> [The data]:

○ ○ ○ ○ ○

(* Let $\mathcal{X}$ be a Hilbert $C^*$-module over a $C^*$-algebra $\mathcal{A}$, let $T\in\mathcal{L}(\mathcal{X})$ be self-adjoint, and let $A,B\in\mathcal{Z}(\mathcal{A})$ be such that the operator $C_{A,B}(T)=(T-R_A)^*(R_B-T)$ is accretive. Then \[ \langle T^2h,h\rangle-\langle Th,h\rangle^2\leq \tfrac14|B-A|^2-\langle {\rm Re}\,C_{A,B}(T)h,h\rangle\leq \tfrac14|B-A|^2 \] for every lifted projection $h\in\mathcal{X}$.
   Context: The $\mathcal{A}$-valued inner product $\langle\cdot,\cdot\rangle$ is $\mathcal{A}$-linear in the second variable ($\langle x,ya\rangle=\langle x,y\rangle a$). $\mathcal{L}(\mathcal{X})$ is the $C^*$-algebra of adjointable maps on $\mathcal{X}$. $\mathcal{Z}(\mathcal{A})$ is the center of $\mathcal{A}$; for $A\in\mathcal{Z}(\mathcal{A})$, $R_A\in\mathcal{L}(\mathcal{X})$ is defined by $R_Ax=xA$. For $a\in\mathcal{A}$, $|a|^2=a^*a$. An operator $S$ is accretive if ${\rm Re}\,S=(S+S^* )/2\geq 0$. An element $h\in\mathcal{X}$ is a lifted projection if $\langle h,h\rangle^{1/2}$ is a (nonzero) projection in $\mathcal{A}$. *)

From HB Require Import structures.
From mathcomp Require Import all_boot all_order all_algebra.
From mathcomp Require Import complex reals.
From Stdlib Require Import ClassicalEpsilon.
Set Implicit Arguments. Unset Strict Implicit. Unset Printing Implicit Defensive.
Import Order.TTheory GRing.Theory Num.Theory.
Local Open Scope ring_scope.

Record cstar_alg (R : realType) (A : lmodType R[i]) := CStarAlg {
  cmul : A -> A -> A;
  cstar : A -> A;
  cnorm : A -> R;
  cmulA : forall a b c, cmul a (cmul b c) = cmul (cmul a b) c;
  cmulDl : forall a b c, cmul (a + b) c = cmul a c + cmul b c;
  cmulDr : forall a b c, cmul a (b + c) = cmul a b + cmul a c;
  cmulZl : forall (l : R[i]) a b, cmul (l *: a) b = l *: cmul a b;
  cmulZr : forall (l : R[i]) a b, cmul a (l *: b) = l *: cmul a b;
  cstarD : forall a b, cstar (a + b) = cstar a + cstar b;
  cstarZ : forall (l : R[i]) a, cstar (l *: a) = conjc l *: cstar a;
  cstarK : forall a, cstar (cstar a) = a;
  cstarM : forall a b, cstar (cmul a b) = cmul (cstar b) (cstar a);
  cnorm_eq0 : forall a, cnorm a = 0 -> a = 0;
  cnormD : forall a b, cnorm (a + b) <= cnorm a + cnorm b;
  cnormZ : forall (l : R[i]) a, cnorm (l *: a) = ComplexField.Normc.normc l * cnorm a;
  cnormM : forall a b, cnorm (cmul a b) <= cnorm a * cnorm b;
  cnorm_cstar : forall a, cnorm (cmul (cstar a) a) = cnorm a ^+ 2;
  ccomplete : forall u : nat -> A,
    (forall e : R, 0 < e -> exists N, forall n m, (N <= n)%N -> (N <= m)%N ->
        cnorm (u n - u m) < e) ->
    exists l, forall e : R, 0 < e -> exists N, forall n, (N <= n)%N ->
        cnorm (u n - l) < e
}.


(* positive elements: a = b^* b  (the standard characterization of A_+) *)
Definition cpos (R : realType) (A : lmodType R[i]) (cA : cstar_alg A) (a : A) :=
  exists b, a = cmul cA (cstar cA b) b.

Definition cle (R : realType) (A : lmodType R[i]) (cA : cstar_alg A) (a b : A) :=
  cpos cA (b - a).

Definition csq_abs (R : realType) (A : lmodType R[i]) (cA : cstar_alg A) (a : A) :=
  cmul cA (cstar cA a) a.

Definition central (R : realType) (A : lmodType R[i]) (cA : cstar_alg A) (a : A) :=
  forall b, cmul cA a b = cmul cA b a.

○ ○ ○ ○ ○

In the listing above, find the line containing "Local Open Scope ring_scope." and the line containing "cmulDr : forall", then retype both and every line between them exactly, with nothing else.

> [Answer section]:
Local Open Scope ring_scope.

Record cstar_alg (R : realType) (A : lmodType R[i]) := CStarAlg {
  cmul : A -> A -> A;
  cstar : A -> A;
  cnorm : A -> R;
  cmulA : forall a b c, cmul a (cmul b c) = cmul (cmul a b) c;
  cmulDl : forall a b c, cmul (a + b) c = cmul a c + cmul b c;
  cmulDr : forall a b c, cmul a (b + c) = cmul a b + cmul a c;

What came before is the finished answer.